Antihistamine medication: The best drug for widespread hives is an antihistamine. It may not cure the hives, but it will reduce their number and relieve itching.
• Diphenhydramine (Benadryl) is available without a prescription. It comes in both liquid and tablet form. Diphenhydramine may cause drowsiness, so do not drive while taking it. Continue taking your antihistamine for a day or two after the hives disappear to be sure they are completely gone. Your medical provider can prescribe a non-sedating antihistamine if necessary.
• Allstop ProEcza or Poison Ivy Gel are two products specifically formulated to heal Eczema and Poison Ivy, however have proved great for eliminating hives. The ProEcza has 1% hydro-cortisone it in to relieve the itch, but it also contains healing properties to relive the swelling and inflammation of the skin. The Poison Ivy Gel stops the itch immediately using an small portion of the ingredient called benzalkonium chloride and it also heals the skin.
Do yourself a favor and seek natural remedies for hives.
When Should I Seek Medical Care If I Come In Contact With Poison IVy?
Poison ivy is a very dangerous plant that causes harm to human beings by an allergic reaction. This
plant contains the oil called urushiol which is very irritating to the skin and can cause a severe
reaction that could require medical attention.
The extent of the Poison ivy reaction depends on how good or bad your immune system is and it is
different with every person. Some may not have the rash right away; it will take them a number of
exposures first before having it. But some people react to it right away. And each individual’s body
reaction varies. Others may just have a slight rash; a valid reason for this is that it could be the
amount of urushiol that touched the skin is only small. The severity of the reaction depends on your
immune system; the better or stronger your immune system, the stronger the reaction. This is almost
unbelievable. If you have a strong immune system, you will have a severe reaction in most cases.

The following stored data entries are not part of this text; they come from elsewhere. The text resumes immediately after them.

(* Let $H$ be a $3$-graph for which there is an enumeration $V(H)=\{v_1,\dots,v_n\}$ and a colouring $\phi$ of the pairs $\{v_a,v_b\}$ covered by edges of $H$ with colours red, blue, green such that every edge $\{v_i,v_j,v_k\}\in E(H)$ with $i<j<k$ satisfies $\phi(v_iv_j)=\text{red}$, $\phi(v_iv_k)=\text{blue}$, $\phi(v_jv_k)=\text{green}$. Then every subhypergraph $H'\subseteq H$ satisfies $\delta_{\mathrm{co}}(H')\le 1$.
   Context: A $3$-graph is a $3$-uniform hypergraph. For a $3$-graph $H$ and a $2$-subset $S\subseteq V(H)$, $d_H(S)$ is the number of edges containing $S$, and the minimum codegree $\delta_{\mathrm{co}}(H)$ is the minimum of $d_H(S)$ over all $2$-subsets $S$ of $V(H)$. *)

From mathcomp Require Import all_boot.
Set Implicit Arguments. Unset Strict Implicit. Unset Printing Implicit Defensive.

Definition is_3graph (T : finType) (V : {set T}) (E : {set {set T}}) : Prop :=
  forall f, f \in E -> f \subset V /\ #|f| = 3.

Definition subhypergraph (T : finType) (V' : {set T}) (E' : {set {set T}})
    (V : {set T}) (E : {set {set T}}) : Prop :=
  [/\ V' \subset V, E' \subset E & forall f, f \in E' -> f \subset V'].

Definition codeg (T : finType) (E : {set {set T}}) (S : {set T}) : nat :=
  #|[set f in E | S \subset f]|.

(* delta_co(H) <= k, i.e. the minimum over 2-subsets S of V of d_H(S) is <= k,
   written out: some 2-subset S of V has d_H(S) <= k. *)
Definition mincodeg_le (T : finType) (V : {set T}) (E : {set {set T}}) (k : nat) : Prop :=
  exists S : {set T}, [/\ S \subset V, #|S| = 2 & codeg E S <= k].

Inductive colour := red | blue | green.

From mathcomp Require Import all_boot.

Set Implicit Arguments.
Unset Strict Implicit.
Unset Printing Implicit Defensive.

(* Let v1, v2 be the first two vertices of H' in the enumeration.  If the pair
   v1 v2 lies in two edges of H' we are done; otherwise it lies in an edge
   v1 v2 y with v2 < y, so v2 y is green.  A third vertex z of an edge through
   a green pair v2 y must precede v2 (z between them would make v2 y blue, z
   after y would make it red), and in H' only v1 precedes v2.  Hence v1 v2 y is
   the only edge of H' through v2 y. *)

Lemma card_set3_le (T : finType) (a b c : T) : #|[set a; b; c]| <= 3.
Proof.
apply: leq_trans (leq_card_setU _ _) _.
by rewrite cards1 addn1 ltnS cards2; case: (a != b).
Qed.

Lemma exists_two_least (T : finType) (A : {set T}) (g : T -> nat) :
  {in A &, injective g} -> 1 < #|A| ->
  exists a b, [/\ a \in A, b \in A, g a < g b &
                  forall z, z \in A -> z != a -> z != b -> g b < g z].
Proof.
move=> g_inj A_gt1.
have lt_of_le x y : x \in A -> y \in A -> x != y -> g x <= g y -> g x < g y.
  move=> xA yA xy; rewrite leq_eqVlt => /orP[/eqP gxy|] //.
  by rewrite (g_inj x y xA yA gxy) eqxx in xy.
have /set0Pn[x0 x0A] : A != set0 by rewrite -card_gt0 ltnW.
case: (@arg_minnP _ _ (fun x => x \in A) g x0A) => a /= aA a_min.
have /set0Pn[x1 x1A'] : A :\ a != set0.
  by rewrite -card_gt0; move: A_gt1; rewrite (cardsD1 a A) aA.
case: (@arg_minnP _ _ (fun x => x \in A :\ a) g x1A') => b /=.
rewrite in_setD1 => /andP[ba bA] b_min.
exists a, b; split=> //.
  by apply: lt_of_le => //; [rewrite eq_sym | exact: a_min].
move=> z zA za zb; apply: lt_of_le => //; first by rewrite eq_sym.
by apply: b_min; rewrite in_setD1 za.
Qed.

Lemma codeg_le1 (T : finType) (E : {set {set T}}) (S U : {set T}) (k : nat) :
  (forall f, f \in E -> #|f| = k) -> #|U| <= k ->
  (forall f, f \in E -> S \subset f -> f \subset U) -> codeg E S <= 1.
Proof.
move=> E_unif U_le sub_U; rewrite /codeg -(cards1 U); apply: subset_leq_card.
apply/subsetP => f; rewrite inE => /andP[fE Sf].
by rewrite in_set1; apply/eqP/eqP; rewrite eqEcard sub_U // (E_unif f fE).
Qed.

Lemma mincodeg_le_pair (T : finType) (V : {set T}) (E : {set {set T}})
    (k : nat) (a b : T) :
  a \in V -> b \in V -> a != b -> codeg E [set a; b] <= k -> mincodeg_le V E k.
Proof.
move=> aV bV ab cab; exists [set a; b]; split=> //; last by rewrite cards2 ab.
by rewrite subUset !sub1set aV bV.
Qed.

Section OrderedColouring.

Variables (T : finType) (V : {set T}) (E : {set {set T}}).
Variables (rank : T -> nat) (phi : {set T} -> colour).
Hypothesis E_3graph : is_3graph V E.
Hypothesis rank_inj : {in V &, injective rank}.
Hypothesis E_coloured : forall f, f \in E -> forall i j k,
  i \in f -> j \in f -> k \in f -> rank i < rank j -> rank j < rank k ->
  [/\ phi [set i; j] = red, phi [set i; k] = blue & phi [set j; k] = green].

Lemma green_pair_third_vertex_below f a b z :
  f \in E -> a \in f -> b \in f -> z \in f -> rank a < rank b ->
  phi [set a; b] = green -> z != a -> z != b -> rank z < rank a.
Proof.
move=> fE af bf zf ab green_ab za zb.
have fV : {subset f <= V} by apply/subsetP; case: (E_3graph fE).
have rank_neq x : x \in f -> z != x -> rank z != rank x.
  by move=> xf; apply: contraNneq => /(rank_inj (fV z zf) (fV x xf)) ->.
rewrite ltn_neqAle rank_neq //= leqNgt; apply/negP => az.
have [bz|zb'|/esym/eqP] := ltngtP (rank b) (rank z).
- by case: (E_coloured fE af bf zf ab bz); rewrite green_ab.
- by case: (E_coloured fE af zf bf az zb') => _; rewrite green_ab.
- by rewrite (negPf (rank_neq b bf zb)).
Qed.

Lemma codeg_green_pair_le1 (V' : {set T}) (E' : {set {set T}}) c a b :
  E' \subset E -> (forall f, f \in E' -> f \subset V') ->
  (forall z, z \in V' -> rank z < rank a -> z = c) ->
  rank a < rank b -> phi [set a; b] = green -> codeg E' [set a; b] <= 1.
Proof.
move=> sE'E E'_subV' only_c ab green_ab.
have E'E g : g \in E' -> g \in E by move/(subsetP sE'E).
apply: (@codeg_le1 _ _ _ [set c; a; b] 3) => [f /E'E /E_3graph[] //||g gE'].
  exact: card_set3_le.
rewrite subUset !sub1set => /andP[ag bg]; apply/subsetP => z zg.
apply: contraT; rewrite !inE !negb_or => /andP[/andP[zc za] zb].
have zV' : z \in V' by apply: (subsetP (E'_subV' g gE')).
have := green_pair_third_vertex_below (E'E g gE') ag bg zg ab green_ab za zb.
by move=> /(only_c z zV') zc'; rewrite zc' eqxx in zc.
Qed.

End OrderedColouring.

Theorem mainTheorem2 (T : finType) (V : {set T}) (E : {set {set T}})
  (enum_ : T -> nat) (phi : {set T} -> colour) :
  is_3graph V E ->
  {in V &, injective enum_} ->
  (forall f, f \in E -> forall i j k, i \in f -> j \in f -> k \in f ->
     enum_ i < enum_ j -> enum_ j < enum_ k ->
     [/\ phi [set i; j] = red, phi [set i; k] = blue & phi [set j; k] = green]) ->
  forall (V' : {set T}) (E' : {set {set T}}),
    subhypergraph V' E' V E -> 2 <= #|V'| -> mincodeg_le V' E' 1.
Proof.
move=> E_3graph enum_inj coloured V' E' [sV'V sE'E E'_subV'] V'_ge2.
have [v1 [v2 [v1V' v2V' lt12 least]]] :=
  exists_two_least (sub_in2 (subsetP sV'V) enum_inj) V'_ge2.
have v12 : v1 != v2 by apply: contraTneq lt12 => ->; rewrite ltnn.
have [|codeg12] := leqP (codeg E' [set v1; v2]) 1; first exact: mincodeg_le_pair.
have /set0Pn[f] : [set f in E' | [set v1; v2] \subset f] != set0.
  by rewrite -card_gt0 ltnW.
rewrite inE subUset !sub1set => /andP[fE' /andP[v1f v2f]].
have fE : f \in E by apply: (subsetP sE'E).
have /subsetPn[y yf] : ~~ (f \subset [set v1; v2]).
  apply/negP => /subset_leq_card.
  by rewrite (E_3graph f fE).2 cards2 v12.
rewrite !inE negb_or => /andP[yv1 yv2].
have yV' : y \in V' by apply: (subsetP (E'_subV' f fE')).
have lt2y := least y yV' yv1 yv2.
have [_ _ green2y] := coloured f fE v1 v2 y v1f v2f yf lt12 lt2y.
have only_v1 z : z \in V' -> enum_ z < enum_ v2 -> z = v1.
  move=> zV' ltz2; case: (eqVneq z v1) => // zv1.
  have zv2 : z != v2 by apply: contraTneq ltz2 => ->; rewrite ltnn.
  by move: (least z zV' zv1 zv2) => /(ltn_trans ltz2); rewrite ltnn.
apply: (mincodeg_le_pair v2V' yV'); first by rewrite eq_sym.
exact: (codeg_green_pair_le1 E_3graph enum_inj coloured sE'E E'_subV' only_v1).
Qed.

But others may have the poison ivy rash scattered throughout the body is primarily because a large
amount of urushiol touched it and also, possibly the person got the urushiol from clothing or from pets
which came in contact with it. This means the urishol oil touched several areas of your body from your
fingernails, from clothing or even from your pets fur. It is important to wash all your clothes and
your tools or camping gear as soon as possible so that you do not recontaminate yourself. The reaction on your skin most often does NOT require medical attention.

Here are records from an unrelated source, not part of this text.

Lemma outradiusE u v :
  outradius (enorm u) (enorm v) (enorm (u - v)) =
  if 0 < gram u v then (enorm (circumcenter u v))%:E else +oo%E.
Proof.
have heron : let s := (enorm u + enorm v + enorm (u - v)) / 2 in
    s * (s - enorm u) * (s - enorm v) * (s - enorm (u - v)) = gram u v / 4.
  by rewrite /= heron_sq !enorm_sq dotBB /gram; field.
rewrite /outradius /= heron pmulr_lgt0 ?invr_gt0 //; case: ifP => // G0; congr EFin.
have sqrtD : Num.sqrt (gram u v / 4) ^+ 2 = gram u v / 4.
  by rewrite sqr_sqrtr ?divr_ge0 ?ltW.
have sqrtD0 : 0 < Num.sqrt (gram u v / 4) by rewrite sqrtr_gt0 divr_gt0.
apply: (@pexpIrn _ 2) => //; rewrite ?nnegrE ?divr_ge0 ?mulr_ge0 ?enorm_ge0 ?ltW //.
rewrite circumcenter_sq ?gt_eqF // expr_div_n !exprMn sqrtD !enorm_sq dotBB.
by field; rewrite gt_eqF.
Qed.

Lemma enormB_scale_lt u o (k : R) :
  enorm (u - o) = enorm o -> 0 < dot u u -> 1 < k ->
  enorm (u - k *: o) < enorm (k *: o).
Proof. by move/dot_equidistant => uo A0 k1; rewrite enorm_ltE dotBB !dotE; nra. Qed.

Lemma separation_degree_acute u v :
  0 < dot u v -> separation_degree u v = (enorm (u - v) / 2)%:E.
Proof.
move=> K0; apply: ereal_sup_EFin_eq => r.
  move=> lt_r w rho le_r [uw vw _]; have := enormB_le_diameter uw vw; lra.
move=> free; rewrite leNgt; apply/negP => lt_r.
pose m := 2^-1 *: (u + v).
have um : enorm (u - m) = enorm (u - v) / 2.
  have -> : u - m = 2^-1 *: (u - v) by apply/rowP => i; rewrite !mxE; field.
  by rewrite enormZ ger0_norm ?invr_ge0 // mulrC.
have vm : enorm (v - m) = enorm (u - v) / 2.
  have -> : v - m = - 2^-1 *: (u - v) by apply/rowP => i; rewrite !mxE; field.
  by rewrite enormZ normrN ger0_norm ?invr_ge0 // mulrC.
have mc : enorm (u - v) / 2 < enorm m.
  rewrite enormZ ger0_norm ?invr_ge0 // [X in _ < X]mulrC ltr_pM2r ?invr_gt0 //.
  by rewrite enorm_ltE dotBB !dotE (dotC v u); lra.
by apply: (free m (enorm (u - v) / 2)); [lra | split; rewrite ?um ?vm].
Qed.

Lemma separation_degree_obtuse u v : dot u v <= 0 -> 0 < gram u v ->
  separation_degree u v = (enorm (circumcenter u v))%:E.
Proof.
move=> K0 G0; have [uo vo] := circumcenter_equidistant (lt0r_neq0 G0).
have [A0 B0] := gram_gt0_dot G0.
apply: ereal_sup_EFin_eq => r.
  move=> lt_r w rho le_r sep.
  have lam0 := circum_coef_ge0 K0 G0.
  have mu0 : 0 <= circum_coef v u by apply: circum_coef_ge0; rewrite 1?dotC 1?gramC.
  have lam_mu := circum_coef_sum_ge1 K0 G0.
  have := circumcenter_enorm_le (erefl _) lam0 mu0 lam_mu uo vo sep; lra.
move=> /= free; rewrite leNgt; apply/negP => lt_r.
have o0 : 0 < enorm (circumcenter u v).
  rewrite enorm_gt // expr0n -enorm_sq circumcenter_sq ?lt0r_neq0 //.
  by move: G0; rewrite /gram => G0; rewrite divr_gt0 ?mulr_gt0 //; lra.
pose k := r / enorm (circumcenter u v).
have k1 : 1 < k by rewrite ltr_pdivlMr // mul1r.
have wr : enorm (k *: circumcenter u v) = r.
  rewrite enormZ /k ger0_norm; first by rewrite -mulrA mulVf ?mulr1 ?lt0r_neq0.
  by rewrite divr_ge0 ?ltW // (lt_trans o0).
have uw := enormB_scale_lt uo A0 k1; have vw := enormB_scale_lt vo B0 k1.
apply: (free _ _ _ (separating_ball_max uw vw)).
by rewrite ge_max -wr !ltW.
Qed.

Lemma no_separating_ball_collinear u v r :
  dot u v <= 0 -> gram u v <= 0 -> no_separating_ball u v r.
Proof.
move=> K0 G0 w rho _ [uw vw ow].
have /enormB_lt_dot uw' := le_lt_trans uw ow.
have /enormB_lt_dot vw' := le_lt_trans vw ow.
have A0 := dot_ge0 u; have B0 := dot_ge0 v.
have [B00|B0'] := eqVneq (dot v v) 0; first by have := dot_self_eq0 w B00; lra.
pose x := dot v v *: u - dot u v *: v.
have x0 : dot x x = 0.
  apply/eqP; rewrite eq_le dot_ge0 andbT.
  have -> : dot x x = dot v v * gram u v by rewrite /x /gram !dotE (dotC v u); ring.
  exact: mulr_ge0_le0.
have := dot_self_eq0 w x0; rewrite /x !dotE.
have : 0 < dot v v * dot u w by rewrite mulr_gt0 ?lt0r ?B0' //; lra.
have : 0 <= - dot u v * dot v w by rewrite mulr_ge0 //; lra.
lra.
Qed.

Lemma separation_degree_collinear u v :
  dot u v <= 0 -> gram u v <= 0 -> separation_degree u v = +oo%E.
Proof.
move=> K0 G0; rewrite /separation_degree -ereal_sup_real.
rewrite (_ : [set r | no_separating_ball u v r] = setT)%classic //.
by apply/seteqP; split=> // r _; exact: no_separating_ball_collinear.
Qed.

End SeparatingBalls.

Theorem theorem1 (R : realType) (n : nat) (p1 p2 p3 : 'rV[R]_n) :
  let a := enorm (p1 - p2) in
  let b := enorm (p2 - p3) in
  let c := enorm (p1 - p3) in
  degree_monotonicity [:: p1; p2; p3] =
    (if c ^+ 2 < a ^+ 2 + b ^+ 2 then ((c / 2)%:E)%E else outradius a b c).
Proof.
move=> a b c; rewrite degree_monotonicity3.
set u := p1 - p2; set v := p3 - p2.
have -> : a = enorm u by [].
have -> : b = enorm v by rewrite /b -opprB enormN.
have -> : c = enorm (u - v) by rewrite /c /u /v opprB addrA subrK.
have -> : (enorm (u - v) ^+ 2 < enorm u ^+ 2 + enorm v ^+ 2) = (0 < dot u v).
  by rewrite !enorm_sq dotBB; apply/idP/idP => ?; lra.
rewrite outradiusE.
have [K0|K0] := ltP 0 (dot u v); first exact: separation_degree_acute.
have [G0|G0] := ltP 0 (gram u v); first exact: separation_degree_obtuse.
exact: separation_degree_collinear.
Qed.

The times when the urishol oil DOES require medical attention is when a person goes into an anaphylactic shock. It is a severe and sometimes fatal systemic hypersensitivity reaction. This condition may occur within seconds from the time of exposure to urushiol and is commonly marked by respiratory distress and vascular collapse. The more quickly any systemic atopic reaction occurs in the individual after exposure, the more severe the associated shock is likely to be.
Another time when a person would require medical attention is when urushiol is inhaled (resulting from the burning of poison ivy) enters the systemic circulation and triggers an incomplete humoral response that allows the allergen to combine with IgE and cause the release of histamine. Also entering into the reaction are IgG and IgM, which cause the release of complement fractions, further stimulating histamine action.
Be watchful for signs that indicate a person needs medical care. The first symptoms for anaphylactic
shock are intense anxiety, weakness, sweating, and shortness of breath. Other symptoms may include hypotension, arrhythmia, respiratory congestion, laryngeal edema, nausea and diarrhea.
Additional signs that you should look out for and may signal you that it’s time to head to the hospital are when the rash reached the eyes already, including the mouth and genitals; when the blisters are oozing with pus which may be a sign that there is infection, and when you try to palpate it it’s tender to touch and feels warm and the wound appears red ; the person has a fever greater than 37.8 degrees Celsius possibly due to the infection and, when the rash is not getting any better within a few weeks.